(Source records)
☆ ☆ ☆ ☆ ☆ ☆ ☆

Lemma weighted_vanishing (f : nat -> nat -> R) K : (forall m, bounded_by K (f m)) ->
  (forall i eps, 0 < eps -> exists M, forall m, (M <= m)%nat -> f m i < eps) ->
  forall d, 0 < d -> exists M, forall m, (M <= m)%nat -> weighted (f m) < d.
Proof.
  intros Hf Hcv d Hd. destruct (weighted_small K d Hd) as [N HN].
  destruct (finite_choice_bound (fun i M => forall m, (M <= m)%nat -> f m i < d / 2)
              (fun i => Hcv i (d / 2) ltac:(lra)) N) as [M HM].
  exists M. intros m Hm. apply (HN (f m) (Hf m)). intros i Hi.
  destruct (HM i Hi) as [Mi [HMi Pi]]. apply Rlt_le, Pi. lia.
Qed.

Lemma C_eq (a b : Defs.C) : Re a = Re b -> Im a = Im b -> a = b.
Proof. destruct a, b; simpl; intros; subst; reflexivity. Qed.

Lemma Cmod_sq z : Cmod z ^ 2 = Re z ^ 2 + Im z ^ 2.
Proof. unfold Cmod. apply pow2_sqrt. nra. Qed.

Lemma Cmod_nonneg z : 0 <= Cmod z.
Proof. apply sqrt_pos. Qed.

Lemma Cmod_sq_nonneg z : 0 <= Cmod z ^ 2.
Proof. pose proof (Cmod_nonneg z). nra. Qed.

Lemma Cmod_C0 : Cmod C0 = 0.
Proof. unfold Cmod, C0. simpl. replace (0 * (0 * 1) + 0 * (0 * 1)) with 0 by ring. apply sqrt_0. Qed.

Lemma Cmod_opp z : Cmod (Csub C0 z) = Cmod z.
Proof. unfold Cmod, Csub, C0. simpl. f_equal. ring. Qed.

Lemma Cmod_le_parts z : Cmod z <= Rabs (Re z) + Rabs (Im z).
Proof.
  pose proof (Rabs_pos (Re z)). pose proof (Rabs_pos (Im z)).
  unfold Cmod. rewrite <- (sqrt_pow2 (Rabs (Re z) + Rabs (Im z))) by lra.
  apply sqrt_le_1_alt. rewrite <- (pow2_abs (Re z)), <- (pow2_abs (Im z)). nra.
Qed.

Lemma parts_le_Cmod z : Rabs (Re z) <= Cmod z /\ Rabs (Im z) <= Cmod z.
Proof.
  unfold Cmod. split;
  [rewrite <- (sqrt_pow2 (Rabs (Re z))) by apply Rabs_pos
  |rewrite <- (sqrt_pow2 (Rabs (Im z))) by apply Rabs_pos];
  apply sqrt_le_1_alt; rewrite pow2_abs;
  [pose proof (pow2_ge_0 (Im z))|pose proof (pow2_ge_0 (Re z))]; lra.
Qed.

Lemma Cmod_mul_conj a b :
  Cmod (mkC (Re a * Re b + Im a * Im b) (Im a * Re b - Re a * Im b)) = Cmod a * Cmod b.
Proof.
  unfold Cmod. simpl. rewrite <- sqrt_mult by nra. f_equal. ring.
Qed.

Definition energy (u : vec) : R := sum_inf (fun k => Cmod (u k) ^ 2).

Lemma energy_sum u : sq_summable u -> infinite_sum (fun k => Cmod (u k) ^ 2) (energy u).
Proof. intro Hu. apply conv_sum. exact Hu. Qed.

Lemma coord_le_energy u k : sq_summable u -> Cmod (u k) ^ 2 <= energy u.
Proof.
  intro Hu. apply (term_le_sum (fun k => Cmod (u k) ^ 2)); [|exact Hu].
  intro; apply Cmod_sq_nonneg.
Qed.

Lemma energy_nonneg u : sq_summable u -> 0 <= energy u.
Proof. intro Hu. pose proof (coord_le_energy u 0 Hu). pose proof (Cmod_sq_nonneg (u 0%nat)). lra. Qed.

Lemma in_ball_energy x : in_ball x <-> sq_summable x /\ energy x <= 1.
Proof.
  split; intros [Hs Hn]; split; auto; pose proof (energy_nonneg x Hs).
  - unfold norm in Hn. apply sqrt_le_0; [lra|lra|]. now rewrite sqrt_1.
  - unfold norm. rewrite <- sqrt_1. now apply sqrt_le_1_alt.
Qed.

Lemma ball_coord_le1 x k : in_ball x -> Cmod (x k) <= 1.
Proof.
  intro Hx. apply in_ball_energy in Hx as [Hs He].
  pose proof (coord_le_energy x k Hs). pose proof (Cmod_nonneg (x k)). nra.
Qed.

Lemma energy_lt_of_norm_lt x r : sq_summable x -> norm x < r -> energy x < r ^ 2.
Proof.
  intros Hs Hn. change (sqrt (energy x) < r) in Hn. pose proof (energy_nonneg x Hs).
  pose proof (sqrt_pos (energy x)). rewrite <- (pow2_sqrt (energy x)) by auto. nra.
Qed.

Lemma vsub_energy x y : sq_summable x -> sq_summable y ->
  sq_summable (vsub x y) /\ energy (vsub x y) <= 2 * energy x + 2 * energy y.
Proof.
  intros Hx Hy.
  pose proof (infinite_sum_plus _ _ _ _ (infinite_sum_scal _ _ 2 (energy_sum x Hx))
                                       (infinite_sum_scal _ _ 2 (energy_sum y Hy))) as Hsum.
  assert (Hb : forall k, 0 <= Cmod (vsub x y k) ^ 2 <= 2 * Cmod (x k) ^ 2 + 2 * Cmod (y k) ^ 2).
  { intro k. split; [apply Cmod_sq_nonneg|]. unfold vsub, Csub. rewrite !Cmod_sq. simpl.
    pose proof (pow2_ge_0 (Re (x k) + Re (y k))). pose proof (pow2_ge_0 (Im (x k) + Im (y k))). nra. }
  exact (comparison _ _ _ Hb Hsum).
Qed.

Lemma ball_vsub_energy x y : in_ball x -> in_ball y ->
  sq_summable (vsub x y) /\ energy (vsub x y) <= 4.
Proof.
  intros Hx Hy. apply in_ball_energy in Hx as [Hxs Hxe]. apply in_ball_energy in Hy as [Hys Hye].
  destruct (vsub_energy x y Hxs Hys). split; auto. lra.
Qed.

Definition inner_re (u w : vec) (k : nat) : R := Re (u k) * Re (w k) + Im (u k) * Im (w k).
Definition inner_im (u w : vec) (k : nat) : R := Im (u k) * Re (w k) - Re (u k) * Im (w k).

Lemma inner_parts u w : inner u w = mkC (sum_inf (inner_re u w)) (sum_inf (inner_im u w)).
Proof. reflexivity. Qed.

Lemma amgm a b c d t : 0 < t -> 2 * Rabs (a * b + c * d) <= t * (a ^ 2 + c ^ 2) + (b ^ 2 + d ^ 2) / t.
Proof.
  intros Ht. apply Rmult_le_reg_l with t; [lra|].
  replace (t * (t * (a ^ 2 + c ^ 2) + (b ^ 2 + d ^ 2) / t)) with ((t * a) ^ 2 + (t * c) ^ 2 + b ^ 2 + d ^ 2)
    by (field; lra).
  pose proof (pow2_ge_0 (t * a - b)). pose proof (pow2_ge_0 (t * a + b)).
  pose proof (pow2_ge_0 (t * c - d)). pose proof (pow2_ge_0 (t * c + d)).
  unfold Rabs; destruct Rcase_abs; nra.
Qed.

Lemma inner_bound u w t : sq_summable u -> sq_summable w -> 0 < t ->
  conv (inner_re u w) /\ conv (inner_im u w) /\
  Rabs (Re (inner u w)) + Rabs (Im (inner u w)) <= t * energy u + energy w / t.
Proof.
  intros Hu Hw Ht.
  pose proof (infinite_sum_scal _ _ (/2) (infinite_sum_plus _ _ _ _
      (infinite_sum_scal _ _ t (energy_sum u Hu)) (infinite_sum_scal _ _ (/t) (energy_sum w Hw)))) as Hsum.
  assert (Hre : forall k, Rabs (inner_re u w k) <= /2 * (t * Cmod (u k) ^ 2 + /t * Cmod (w k) ^ 2)).
  { intro k. rewrite !Cmod_sq. unfold inner_re.
    pose proof (amgm (Re (u k)) (Re (w k)) (Im (u k)) (Im (w k)) t Ht). unfold Rdiv in *. lra. }
  assert (Him : forall k, Rabs (inner_im u w k) <= /2 * (t * Cmod (u k) ^ 2 + /t * Cmod (w k) ^ 2)).
  { intro k. rewrite !Cmod_sq. unfold inner_im.
    pose proof (amgm (Im (u k)) (Re (w k)) (Re (u k)) (- Im (w k)) t Ht).
    replace (Im (u k) * Re (w k) + Re (u k) * - Im (w k)) with (Im (u k) * Re (w k) - Re (u k) * Im (w k)) in H by ring.
    replace ((- Im (w k)) ^ 2) with (Im (w k) ^ 2) in H by ring. unfold Rdiv in *. lra. }
  destruct (abs_comparison _ _ _ Hre Hsum) as [Cre Bre].
  destruct (abs_comparison _ _ _ Him Hsum) as [Cim Bim].
  split; [exact Cre|split; [exact Cim|]]. rewrite inner_parts. simpl. unfold Rdiv. lra.
Qed.

Lemma Cmod_inner_le u w t : sq_summable u -> sq_summable w -> 0 < t ->
  Cmod (inner u w) <= t * energy u + energy w / t.
Proof.
  intros Hu Hw Ht. destruct (inner_bound u w t Hu Hw Ht) as [_ [_ H]].
  pose proof (Cmod_le_parts (inner u w)). lra.
Qed.

Lemma Cmod_inner_le5 z w : sq_summable z -> energy z <= 4 -> in_ball w -> Cmod (inner z w) <= 5.
Proof.
  intros Hz Hze Hw. apply in_ball_energy in Hw as [Hws Hwe].
  pose proof (Cmod_inner_le z w 1 Hz Hws ltac:(lra)). unfold Rdiv in H. rewrite Rinv_1 in H. lra.
Qed.

Lemma inner_perturb u w v t : sq_summable u -> sq_summable w -> sq_summable v -> 0 < t ->
  Cmod (inner u w) <= 2 * Cmod (inner u v) + t * energy u + energy (vsub w v) / t.
Proof.
  intros Hu Hw Hv Ht.
  destruct (vsub_energy w v Hw Hv) as [Hd _].
  destruct (inner_bound u v t Hu Hv Ht) as [Cre1 [Cim1 _]].
  destruct (inner_bound u (vsub w v) t Hu Hd Ht) as [Cre2 [Cim2 Bd]].
  assert (Ere : sum_inf (inner_re u w) = sum_inf (inner_re u v) + sum_inf (inner_re u (vsub w v))).
  { apply sum_inf_eq.
    apply (Un_cv_ext (sum_f_R0 (fun k => inner_re u v k + inner_re u (vsub w v) k))).
    - intro n. apply sum_eq. intros. unfold inner_re, vsub, Csub. simpl. ring.
    - apply infinite_sum_plus; now apply conv_sum. }
  assert (Eim : sum_inf (inner_im u w) = sum_inf (inner_im u v) + sum_inf (inner_im u (vsub w v))).
  { apply sum_inf_eq.
    apply (Un_cv_ext (sum_f_R0 (fun k => inner_im u v k + inner_im u (vsub w v) k))).
    - intro n. apply sum_eq. intros. unfold inner_im, vsub, Csub. simpl. ring.
    - apply infinite_sum_plus; now apply conv_sum. }
  pose proof (Cmod_le_parts (inner u w)) as Hw_parts.
  destruct (parts_le_Cmod (inner u v)) as [Hv_re Hv_im].
  rewrite !inner_parts in *. simpl in *. rewrite Ere, Eim in Hw_parts |- *.
  pose proof (Rabs_triang (sum_inf (inner_re u v)) (sum_inf (inner_re u (vsub w v)))).
  pose proof (Rabs_triang (sum_inf (inner_im u v)) (sum_inf (inner_im u (vsub w v)))).
  lra.
Qed.

(** * The shifts *)

Lemma iter_adj_apply n w k : Nat.iter n shiftR_adj w k = w (n + k)%nat.
Proof.
  revert k. induction n as [|n IH]; intro k; [reflexivity|].
  change (Nat.iter (S n) shiftR_adj w k) with (Nat.iter n shiftR_adj w (S k)).
  rewrite IH. f_equal. lia.
Qed.

Lemma iter_shiftR_apply n x k : Nat.iter n shiftR x (n + k)%nat = x k.
Proof. induction n; [reflexivity|exact IHn]. Qed.

Lemma iter_shiftR_at n x : Nat.iter n shiftR x n = x 0%nat.
Proof. rewrite <- (iter_shiftR_apply n x 0), Nat.add_0_r. reflexivity. Qed.
(* Let $n\ge1$ and let $A,B\in M_n(\mathbb C)$ be unitary. Then $|T(A,B)|\le n^{n^2/2}$, with equality if and only if $A$ and $B$ have no multiple eigenvalues, $A^n$ and $B^n$ are scalar matrices, and the orthonormal eigenbases of $A$ and of $B$ are mutually unbiased.
   Context: $M(A,B)\in M_{n^2}(\mathbb C)$ is the block matrix of $n\times n$ blocks whose $(i,j)$-th block is $A^{j-1}B^{i-1}$ ($i,j=1,\dots,n$), and $T(A,B)=\det M(A,B)$. Two orthonormal bases $u_1,\dots,u_n$ and $v_1,\dots,v_n$ of $\mathbb C^n$ are mutually unbiased if $|u_s^*v_t|^2=1/n$ for all $s,t$. (When $A$ has no multiple eigenvalues, its orthonormal eigenbasis is unique up to phases of the vectors, so mutual unbiasedness is well defined.) *)

(* complex numbers as R[i] for R : realType (i.e. C). *)
From HB Require Import structures.
From mathcomp Require Import all_boot all_order all_algebra.
From mathcomp Require Import complex.
From mathcomp Require Import reals.
Set Implicit Arguments.
Unset Strict Implicit.
Unset Printing Implicit Defensive.
Import Order.TTheory GRing.Theory Num.Theory.
Local Open Scope ring_scope.
Local Open Scope sesquilinear_scope.

Definition Mblock (C : nzRingType) (n : nat) (A B : 'M[C]_n) :=
  @mxblock C n n (fun _ => n) (fun _ => n)
    (fun (i j : 'I_n) => A ^+ j *m B ^+ i).

Definition Tdet (C : comNzRingType) (n : nat) (A B : 'M[C]_n) : C :=
  \det (Mblock A B).

Definition no_multiple_eigenvalues (C : fieldType) (n : nat) (A : 'M[C]_n) :=
  forall a : C, ~ (('X - a%:P) ^+ 2 %| char_poly A).

Definition orthonormal_eigenbasis (C : numClosedFieldType) (n : nat)
    (A U : 'M[C]_n) :=
  U \is unitarymx /\ forall s : 'I_n, exists d : C, A *m col s U = d *: col s U.

Definition mutually_unbiased (C : numClosedFieldType) (n : nat) (U V : 'M[C]_n) :=
  forall s t : 'I_n, `|(U ^t* *m V) s t| ^+ 2 = n%:R^-1.

Definition eigenbases_mutually_unbiased (C : numClosedFieldType) (n : nat)
    (A B : 'M[C]_n) :=
  exists U V : 'M[C]_n, [/\ orthonormal_eigenbasis A U,
                           orthonormal_eigenbasis B V & mutually_unbiased U V].

(* Write M = M(A,B). For unitary A and B the (j,k) block of M^* M is the twirl
   sum_i B^-i A^-j A^k B^i of A^-j A^k over the powers of B, so the diagonal
   blocks are n I. Hadamard's inequality (AM-GM for the eigenvalues of M^* M)
   gives |det M|^2 <= n^(n^2), with equality iff M^* M = n I, i.e. iff all the
   off-diagonal twirls vanish.
   In an orthonormal eigenbasis (v_t) of B, with eigenvalues mu_t, twirling by B
   multiplies the (s,t) entry by the geometric sum sum_i (mu_s^* mu_t)^i, and if
   (u_s) is an eigenbasis of A with eigenvalues lambda_s, the t-th diagonal entry
   of p(A) is sum_s |u_s^* v_t|^2 p(lambda_s). So the vanishing of the twirls of
   A, ..., A^(n-1) makes the lambda_s distinct and the bases unbiased, by
   evaluating at suitable polynomials of degree < n, and Cayley-Hamilton makes
   A^n scalar; M M^* = n I gives the same conclusions for B. Conversely, under
   these conditions the twirls vanish because for 0 < m < n the power sums
   sum_s lambda_s^m of the n distinct n-th roots of a scalar are zero. *)

From HB Require Import structures.
From mathcomp Require Import all_boot all_order all_algebra.
From mathcomp Require Import complex reals.
From mathcomp Require Import ring zify.
Set Implicit Arguments.
Unset Strict Implicit.
Unset Printing Implicit Defensive.
Import Order.TTheory GRing.Theory Num.Theory.
Local Open Scope ring_scope.
Local Open Scope sesquilinear_scope.

Section Adjoint.
Variable C : numClosedFieldType.

Lemma trmxC_mul m n p (X : 'M[C]_(m, n)) (Y : 'M[C]_(n, p)) :
  (X *m Y)^t* = Y^t* *m X^t*.
Proof. by rewrite trmx_mul map_mxM. Qed.

Lemma trmxC1 n : (1%:M : 'M[C]_n)^t* = 1%:M.
Proof. by rewrite trmx1 map_mx1. Qed.

Lemma trmxC_diag n (d : 'rV[C]_n) : (diag_mx d)^t* = diag_mx (map_mx Num.conj d).
Proof.
apply/matrixP => i j; rewrite !mxE eq_sym.
by case: eqP => [->|_]; rewrite ?mulr1n ?mulr0n ?rmorph0.
Qed.

Lemma trmxC_mulmx1 n (X : 'M[C]_n) : X \is unitarymx -> X^t* *m X = 1%:M.
Proof. by move/unitarymxP/mulmx1C. Qed.

Lemma unitarymx_row_norm m n (W : 'M[C]_(m, n)) k : W \is unitarymx ->
  \sum_t `|W k t| ^+ 2 = 1.
Proof.
move/unitarymxP/matrixP/(_ k k); rewrite !mxE eqxx mulr1n => <-.
by apply: eq_bigr => t _; rewrite normCK !mxE.
Qed.

Lemma unitarymx_normal n (X : 'M[C]_n) : X \is unitarymx -> X \is normalmx.
Proof. by move=> Xu; apply/normalmxP; rewrite (unitarymxP Xu) trmxC_mulmx1. Qed.

Lemma unitarymx1 n : (1%:M : 'M[C]_n) \is unitarymx.
Proof. by apply/unitarymxP; rewrite trmxC1 mulmx1. Qed.

Lemma unitarymxX n (X : 'M[C]_n.+1) k : X \is unitarymx -> X ^+ k \is unitarymx.
Proof.
move=> Xu; elim: k => [|k IH]; first by rewrite expr0 unitarymx1.
by rewrite exprS mul_unitarymx.
Qed.

Lemma trmxCX n (X : 'M[C]_n.+1) k : (X ^+ k)^t* = X^t* ^+ k.
Proof.
elim: k => [|k IH]; first by rewrite !expr0 trmxC1.
by rewrite exprS exprSr -IH trmxC_mul.
Qed.

Lemma unitarymx_comm_trmxC n (X Z : 'M[C]_n) : X \is unitarymx ->
  X *m Z = Z *m X -> X^t* *m Z = Z *m X^t*.
Proof.
move=> Xu XZ; rewrite -[Z *m X^t*]mul1mx -(trmxC_mulmx1 Xu) -!mulmxA.
by rewrite [X *m (Z *m _)]mulmxA XZ -!mulmxA (unitarymxP Xu) mulmx1.
Qed.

☆ ☆ ☆ ☆ ☆ ☆ ☆

**TASK**
Pull out all lines from the entries above that include the word "induction".

**OUTPUT OF THE EXERCISE**
  revert k. induction n as [|n IH]; intro k; [reflexivity|].
Proof. induction n; [reflexivity|exact IHn]. Qed.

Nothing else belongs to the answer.